Several genes encoding for proteins involved in proliferation, invasion, and apoptosis are known to be direct miR-34a targets. Here, we used proteomics to screen for targets of miR-34a in neuroblastoma (NBL), a childhood cancer that originates from precursor cells of the sympathetic nervous system. We examined the effect of miR-34a overexpression using a tetracycline inducible system in two NBL cell lines (SHEP and SH-SY5Y) at early time points of expression (6, 12, and 24 h). Proteome analysis using post-metabolic labeling led to the identification of 2,082 proteins, and among these 186 were regulated (112 proteins down-regulated and 74 up-regulated). Prediction of miR-34a targets via bioinformatics showed that 32 transcripts held miR-34a seed sequences in their 3'-UTR. By combining the proteomics data with Kaplan Meier gene-expression studies, we identified seven new gene products (ALG13, TIMM13, TGM2, ABCF2, CTCF, Ki67, and LYAR) that were correlated with worse clinical outcomes. These were further validated in vitro by 3'-UTR seed sequence regulation. In addition, Michigan Molecular Interactions searches indicated that together these proteins affect signaling pathways that regulate cell cycle and proliferation, focal adhesions, and other cellular properties that overall enhance tumor progression (including signaling pathways such as TGF-β, WNT, MAPK, and FAK). In conclusion, proteome analysis has here identified early targets of miR-34a with relevance to NBL tumorigenesis. Along with the results of previous studies, our data strongly suggest miR-34a as a useful tool for improving the chance of therapeutic success with NBL.

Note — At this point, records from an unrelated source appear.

Lemma euler_sumS N m : eqXn N ((1 - 'X^(m.+1)) * euler_sum N m) (euler_sum N m.+1).
Proof.
have -> : euler_sum N m.+1 = euler_sum N m - (euler_sum N m - euler_sum N m.+1) by ring.
by rewrite mulrBl mul1r; apply/eqXnB/eqXn_sym/euler_sum_diff.
Qed.

Lemma qpoch_euler_sum_shift N m M :
  eqXn N (qpoch m.+1 M * euler_sum N m) (euler_sum N (m + M)).
Proof.
elim: M m => [|M IH] m; first by rewrite /qpoch big_ord0 mul1r addn0.
rewrite -[M.+1]add1n qpochD addn1 /qpoch big_ord1 addn0 -/(qpoch _ M).
rewrite [_ * qpoch _ _]mulrC -mulrA add1n addnS -addSn.
exact: eqXn_trans (eqXnMl _ (euler_sumS N m)) (IH m.+1).
Qed.

Lemma euler_sum_large N m : (N <= m)%N -> eqXn N (euler_sum N m) 1.
Proof.
case: N => [|N] Nm; first by [].
rewrite /euler_sum big_ord_recl mul1r -[X in eqXn _ _ X]addr0.
apply: eqXnD; first exact: pgf0.
move=> i hi; rewrite coef_sum coef0 big1 // => j _.
by rewrite (eqXn_mulXn0 _ _ _ _ _ hi) ?coef0 // lift0 mulSn; lia.
Qed.

Lemma qpoch_euler_sum N m : eqXn N (qpoch m.+1 N * euler_sum N m) 1.
Proof. exact: eqXn_trans (qpoch_euler_sum_shift N m N) (euler_sum_large _ _ (leq_addl _ _)). Qed.

Section Convolution.
Local Open Scope nat_scope.

Lemma sum_count (X : Type) (s : seq X) (P : pred X) : \sum_(x <- s) P x = count P s.
Proof. by elim: s => [|x s IH]; rewrite ?big_nil ?big_cons ?IH. Qed.

Lemma sum_pairs_conv (X Y : Type) (A : seq X) (B : seq Y) (a : X -> nat) (b : Y -> nat) r :
  \sum_(x <- A) \sum_(y <- B) (a x + b y == r) =
  \sum_(j < r.+1) count (fun x => a x == j) A * count (fun y => b y == r - j) B.
Proof.
have row x : \sum_(y <- B) (a x + b y == r) =
    \sum_(j < r.+1) (a x == j) * count (fun y => b y == r - j) B.
  case: (leqP (a x) r) => axr.
    rewrite [RHS](bigD1 (@Ordinal r.+1 (a x) axr)) //= eqxx mul1n.
    rewrite [X in _ = _ + X]big1 ?addn0 => [|j hj]; last first.
      by rewrite (_ : (a x == j) = false) //; apply: contraNF hj => /eqP e; apply/eqP/val_inj.
    by rewrite -sum_count; apply: eq_bigr => y _; congr nat_of_bool; apply/eqP/eqP; lia.
  rewrite !big1 // => [j _|y _]; last by rewrite (_ : (_ == r) = false) //; apply/eqP; lia.
  by rewrite (_ : (a x == j) = false) //; apply/eqP; have := ltn_ord j; lia.
rewrite (eq_bigr _ (fun x _ => row x)) exchange_big /=.
by apply: eq_bigr => j _; rewrite -big_distrl /= sum_count.
Qed.

End Convolution.

Section HookCounts.
Local Open Scope nat_scope.

(* The size of the smallest partition with [hook_at T k]: T+k parts T+1 above
   the hook row, the part T+1 itself, and k parts 1 below it. *)
Definition hook_base T k := T.+1 * (T.+1 + k) + k.

Definition nhook T k n := \sum_(u <- decseqs (T + k) n) \sum_(v <- decseqs k T)
  (sumn u + sumn v + hook_base T k == n).

Lemma nhook_conv T k n : hook_base T k <= n ->
  nhook T k n = \sum_(j < (n - hook_base T k).+1)
                  ndecseq (T + k) j j * ndecseq k T (n - hook_base T k - j).
Proof.
move=> bn; rewrite /nhook.
have e u v : (sumn u + sumn v + hook_base T k == n) = (sumn u + sumn v == n - hook_base T k).
  by apply/eqP/eqP; lia.
under eq_bigr => u _ do under eq_bigr => v _ do rewrite e.
rewrite sum_pairs_conv; apply: eq_bigr => j _; congr (_ * _).
by rewrite (ndecseq_bound (T + k) j n j) //; have := ltn_ord j; lia.
Qed.

Definition nhooks T n := \sum_(k < n.+1) nhook T k n.

End HookCounts.

Lemma Posz_sum (I : Type) (r : seq I) (P : pred I) (F : I -> nat) :
  (\sum_(i <- r | P i) F i)%N%:Z = \sum_(i <- r | P i) (F i)%:Z.
Proof. exact: (big_morph Posz PoszD (erefl _)). Qed.

Lemma coef_nhook T k N n : (n < N)%N ->
  (nhook T k n)%:Z = ('X^(hook_base T k) * (pgf N (T + k) * gauss_poly k T))`_n.
Proof.
move=> nN; rewrite coefXnM; case: ltnP => bn.
  rewrite /nhook big1 // => u _; rewrite big1 // => v _.
  by rewrite (_ : (_ == n) = false) //; apply/eqP; lia.
rewrite nhook_conv // Posz_sum coefM; apply: eq_bigr => j _.
by rewrite PoszM coef_trunc ?coef_gauss_poly //; have := ltn_ord j; lia.
Qed.

Lemma trunc_nhooks T N : eqXn N (qpoch_fin T * trunc (fun n => (nhooks T n)%:Z) N)
  ('X^(T.+1 ^ 2) * euler_sum N T.+1).
Proof.
pose S := \sum_(k < N) 'X^(hook_base T k) * (pgf N (T + k) * gauss_poly k T).
have -> : trunc (fun n => (nhooks T n)%:Z) N = trunc (fun n => S`_n) N.
  apply/polyP => n; rewrite !coef_poly; case: ltnP => // nN.
  rewrite Posz_sum coef_sum (big_ord_widen N (fun k => (nhook T k n)%:Z) nN) big_mkcond /=.
  apply: eq_bigr => k _; case: ltnP => kn; first by rewrite (coef_nhook _ _ _ _ nN).
  by rewrite coefXnM ifT // /hook_base; nia.
apply: eqXn_trans (eqXnMl _ (trunc_fps_of_poly S N)) _.
rewrite /S /euler_sum !mulr_sumr; apply: eqXn_sum => k _.
have -> : qpoch_fin T * ('X^(hook_base T k) * (pgf N (T + k) * gauss_poly k T)) =
    'X^(T.+1 ^ 2) * 'X^(k * T.+2) * (qpoch_fin T * gauss_poly k T * pgf N (T + k)).
  by rewrite -exprD (_ : hook_base T k = T.+1 ^ 2 + k * T.+2)%N; [ring | rewrite /hook_base; lia].
by rewrite -mulrA; apply/eqXnMl/eqXnMl/gauss_poly_pgf.
Qed.

Lemma qpoch_nhooks T N :
  eqXn N (qpoch_fin T * qpoch T.+2 N * trunc (fun n => (nhooks T n)%:Z) N) 'X^(T.+1 ^ 2).
Proof.
rewrite mulrAC mulrC; apply: eqXn_trans (eqXnMl _ (trunc_nhooks T N)) _.
by rewrite mulrCA -[X in eqXn _ _ X]mulr1; apply/eqXnMl/qpoch_euler_sum.
Qed.

Section Partitions.
Local Open Scope nat_scope.

(* The fixed hook of a partition with t parts sits in row i = T+k+1 with part
   T+1 there: h_(i,1) = i forces t = 2i - (T+1) = T+1+2k. *)
Definition hook_at T k (s : seq nat) :=
  (size s == T.+1 + k + k) && (nth 0 s (T + k) == T.+1).

Lemma nth_pairwise_geq (s : seq nat) i j :
  pairwise geq s -> i <= j -> j < size s -> nth 0 s j <= nth 0 s i.
Proof.
move=> /(pairwiseP 0) h; rewrite leq_eqVlt => /predU1P[-> //|ij] js.
exact: h (ltn_trans ij js) js ij.
Qed.

Lemma size_le_sumn s : all (fun x => 0 < x) s -> size s <= sumn s.
Proof. by elim: s => //= x s IH /andP[x0 /IH]; lia. Qed.

Lemma hook_at_has_fixed_hook T k s : hook_at T k s -> has_fixed_hook s.
Proof.
move=> /andP[/eqP sz /eqP hn]; apply/hasP; exists (T + k).
  by rewrite mem_iota add0n; lia.
by rewrite /hook1 hn; apply/eqP; lia.
Qed.

Lemma has_fixed_hookE s : all (fun x => 0 < x) s ->
  has_fixed_hook s = [exists T : 'I_(sumn s).+1, exists k : 'I_(sumn s).+1, hook_at T k s].
Proof.
move=> pos; apply/hasP/existsP.
  move=> [j]; rewrite mem_iota add0n => /andP[_ js]; rewrite /hook1 => /eqP h.
  have mpos : 0 < nth 0 s j by apply: (allP pos) _ (mem_nth 0 js).
  have mle : nth 0 s j <= sumn s by apply: le_sumn (mem_nth 0 js).
  have sz := size_le_sumn s pos.
  have hT : (nth 0 s j).-1 < (sumn s).+1 by lia.
  have hk : size s - j.+1 < (sumn s).+1 by lia.
  exists (Ordinal hT); apply/existsP; exists (Ordinal hk); rewrite /hook_at /=.
  have -> : (nth 0 s j).-1 + (size s - j.+1) = j by lia.
  by apply/andP; split; apply/eqP; lia.
by move=> [T /existsP[k /hook_at_has_fixed_hook /hasP]].
Qed.

Lemma hook_at_uniq s T k T' k' : pairwise geq s ->
  hook_at T k s -> hook_at T' k' s -> T = T' /\ k = k'.
Proof.
move=> pw; wlog le : T k T' k' / T + k <= T' + k'.
  move=> W h h'; case: (leqP (T + k) (T' + k')) => c; first exact: W.
  by have [-> ->] := W _ _ _ _ (ltnW c) h' h.
move=> /andP[/eqP sz /eqP hn] /andP[/eqP sz' /eqP hn'].
have := nth_pairwise_geq _ _ _ pw le; rewrite hn hn' => /(_ ltac:(lia)); lia.
Qed.

Lemma sorted_geq s : sorted geq s = pairwise geq s.
Proof. by apply: sorted_pairwise => a b c h1 h2; apply: leq_trans h2 h1. Qed.

Definition vals n (t : n.-tuple 'I_n.+1) : seq nat := [seq (val x : nat) | x <- t].
Arguments vals {n}.

Lemma pairwise_geq_split (s : seq nat) : pairwise geq s ->
  s = filter (fun x => 0 < x) s ++ nseq (count (fun x => x == 0) s) 0.
Proof.
elim: s => //= x s IH /andP[hx pw]; case: x hx => [|x] hx /=; last by rewrite add0n -IH.
have /all_pred1P -> : all (pred1 0) s by apply: sub_all hx => y /=; rewrite leqn0.
by rewrite count_nseq filter_nseq /= mul1n.
Qed.

Lemma positive_parts_inj n (t1 t2 : n.-tuple 'I_n.+1) :
  pairwise geq (vals t1) -> pairwise geq (vals t2) ->
  positive_parts t1 = positive_parts t2 -> t1 = t2.
Proof.
move=> p1 p2 e; apply/val_inj/(inj_map val_inj); change (vals t1 = vals t2).
have sz : size (vals t1) = size (vals t2) by rewrite !size_map !size_tuple.
have e' : filter (fun x => 0 < x) (vals t1) = filter (fun x => 0 < x) (vals t2) := e.
rewrite (pairwise_geq_split _ p1) (pairwise_geq_split _ p2) e' in sz *.
by move: sz; rewrite !size_cat !size_nseq => /addnI ->.
Qed.

Lemma positive_parts_surj n (s : seq nat) : is_partition n s ->
  exists t : n.-tuple 'I_n.+1, pairwise geq (vals t) /\ positive_parts t = s.
Proof.
move=> /and3P[so pos /eqP sm]; rewrite sorted_geq in so.
have szn : size s <= n by rewrite -sm; apply: size_le_sumn.
exists [tuple inord (nth 0 s i) | i < n].
have ev : vals [tuple inord (nth 0 s i) | i < n] = s ++ nseq (n - size s) 0.
  apply: (@eq_from_nth _ 0); first by rewrite size_map size_tuple size_cat size_nseq; lia.
  move=> i; rewrite size_map size_tuple => hi.
  rewrite (nth_map (inord 0)) ?size_tuple // -(tnth_nth _ _ (Ordinal hi)) tnth_mktuple /=.
  rewrite nth_cat nth_nseq if_same; case: ltnP => [lt_is|ge_is]; last by rewrite nth_default ?inordK.
  by rewrite inordK // ltnS -sm; apply/le_sumn/mem_nth.
rewrite /positive_parts -/(vals _) ev; split.
  by rewrite pairwise_cat so pairwise_nseq !andbT; apply/allrelP => x y _ /nseqP[->].
by rewrite filter_cat filter_nseq ltnn mul0n cats0; apply/all_filterP.
Qed.

Definition build T (u v : seq nat) := map (addn T.+1) u ++ T.+1 :: map S v.

Lemma sumn_map_add m s : sumn (map (addn m) s) = m * size s + sumn s.
Proof. by elim: s => [|x s IH] /=; rewrite ?muln0 // IH mulnS; lia. Qed.

Lemma build_hook_at T k n u v : u \in decseqs (T + k) n -> v \in decseqs k T ->
  sumn u + sumn v + hook_base T k = n ->
  is_partition n (build T u v) && hook_at T k (build T u v).
Proof.
rewrite !mem_decseqs /is_decseq => /and3P[/eqP su pu au] /and3P[/eqP sv pv av] hs.
apply/andP; split; last first.
  rewrite /hook_at /build size_cat /= !size_map su sv nth_cat size_map su ltnn subnn /=.
  by rewrite !eqxx; apply/eqP; lia.
apply/and3P; split.
- rewrite sorted_geq /build pairwise_cat; apply/and3P; split.
  + apply/allrelP => x y /mapP[a _ ->]; rewrite inE => /orP[/eqP->|/mapP[b hb ->]] /=.
      exact: leq_addr.
    have := allP av b hb; lia.
  + by rewrite pairwise_map; apply: sub_pairwise pu => a b /=; lia.
  + rewrite /= pairwise_map all_map; apply/andP; split; last exact: pv.
    apply/allP => b hb /=; have := allP av b hb; lia.
- rewrite /build all_cat all_map /=; apply/andP; split.
    by apply/allP => a _ /=; lia.
  by rewrite all_map; apply/allP => a _.
- rewrite /build sumn_cat /= sumn_mapS sumn_map_add su sv -hs /hook_base; apply/eqP; nia.
Qed.

Lemma hook_at_build T k n s : is_partition n s -> hook_at T k s ->
  exists u v, [/\ u \in decseqs (T + k) n, v \in decseqs k T,
     sumn u + sumn v + hook_base T k = n & s = build T u v].
Proof.
move=> /and3P[so pos /eqP sm] /andP[/eqP sz /eqP hn]; rewrite sorted_geq in so.
set top := take (T + k) s; set bot := drop (T + k).+1 s.
have es : s = top ++ T.+1 :: bot by rewrite -hn -drop_nth ?cat_take_drop //; lia.
move: (so); rewrite {1}es pairwise_cat /= => /and3P[ar pt /andP[ad pd]].
have geT x : x \in top -> T.+1 <= x.
  by move=> hx; have := allrelP ar x T.+1 hx; rewrite inE eqxx => /(_ isT).
have posd x : x \in bot -> 0 < x.
  by move=> hx; apply: (allP pos); rewrite es mem_cat inE hx !orbT.
have Etop : map (addn T.+1) (map (subn^~ T.+1) top) = top.
  by rewrite -map_comp map_id_in // => x /geT /=; lia.
have Ebot : map S (map predn bot) = bot.
  by rewrite -map_comp map_id_in // => x /posd /=; lia.
have size_top : size top = T + k by rewrite size_takel //; lia.
have size_bot : size bot = k by rewrite size_drop sz; lia.
exists (map (subn^~ T.+1) top), (map predn bot); split.
- rewrite mem_decseqs /is_decseq size_map size_top eqxx pairwise_map all_map.
  rewrite (sub_pairwise _ pt) => [|a b /=]; last lia.
  by apply/allP => x hx /=; have := le_sumn x s; rewrite sm es mem_cat hx => /(_ isT); lia.
- rewrite mem_decseqs /is_decseq size_map size_bot eqxx pairwise_map all_map.
  rewrite (sub_pairwise _ pd) => [|a b /=]; last lia.
  by apply/allP => x /(allP ad) /=; lia.
- move: sm; rewrite {1}es -{1}Etop -{1}Ebot sumn_cat /= sumn_map_add sumn_mapS.
  by rewrite !size_map size_top size_bot /hook_base; lia.
- by rewrite {1}es /build Etop Ebot.
Qed.

Lemma count_allpairs (X Y : Type) (A : seq X) (B : seq Y) (P : pred (X * Y)) :
  count P [seq (x, y) | x <- A, y <- B] = \sum_(x <- A) \sum_(y <- B) P (x, y).
Proof.
elim: A => [|x A IH]; first by rewrite big_nil.
by rewrite /= count_cat IH big_cons count_map -sum_count.
Qed.

Lemma card_eq_size (X : finType) (Y Z : eqType) (S : {set X}) (phi : X -> Y)
    (M : seq Z) (g : Z -> Y) :
  {in S &, injective phi} -> uniq M -> {in M &, injective g} ->
  (forall y, (exists2 x, x \in S & phi x = y) <-> (exists2 z, z \in M & g z = y)) ->
  #|S| = size M.
Proof.
move=> phi_inj uM g_inj same_img; rewrite cardE -(size_map phi) -(size_map g M).
apply/perm_size/uniq_perm.
- by rewrite map_inj_in_uniq ?enum_uniq // => x1 x2; rewrite !mem_enum; apply: phi_inj.
- by rewrite map_inj_in_uniq.
move=> y; apply/mapP/mapP => -[x hx ->].
  have [z hz ez] : exists2 z, z \in M & g z = phi x.
    by apply/same_img; exists x; rewrite // -mem_enum.
  by exists z.
have [x' hx' ex] : exists2 x', x' \in S & phi x' = g x by apply/same_img; exists x.
by exists x'; rewrite ?mem_enum.
Qed.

已知几个编码参与增殖、侵袭和凋亡的蛋白质的基因是miR-34a的直接靶标。在这里,我们使用蛋白质组学来筛选神经母细胞瘤(NBL)中miR-34a的靶标,NBL是一种起源于交感神经系统前体细胞的儿童癌症。我们在两个NBL细胞系(SHEP和SH-SY5Y)中使用四环素诱导系统在表达的早期时间点(6、12和24小时)检测了miR-34a过表达的影响。使用代谢后标记的蛋白质组分析鉴定出2082种蛋白质,其中186种受到调控(112种蛋白质下调,74种蛋白质上调)。通过生物信息学预测miR-34a靶标显示,32个转录本在其3'-UTR中含有miR-34a种子序列。通过将蛋白质组学数据与卡普兰-迈耶基因表达研究相结合,我们鉴定出七种与较差临床结果相关的新基因产物(ALG13、TIMM13、TGM2、ABCF2、CTCF、Ki67和LYAR)。这些通过3'-UTR种子序列调控在体外进一步得到验证。此外,密歇根分子相互作用搜索表明,这些蛋白质共同影响调节细胞周期和增殖、粘着斑以及其他总体上促进肿瘤进展的细胞特性的信号通路(包括TGF-β、WNT、MAPK和FAK等信号通路)。总之,蛋白质组分析在此鉴定出了与NBL肿瘤发生相关的miR-34a的早期靶标。连同先前研究的结果,我们的数据强烈表明miR-34a是提高NBL治疗成功几率的有用工具。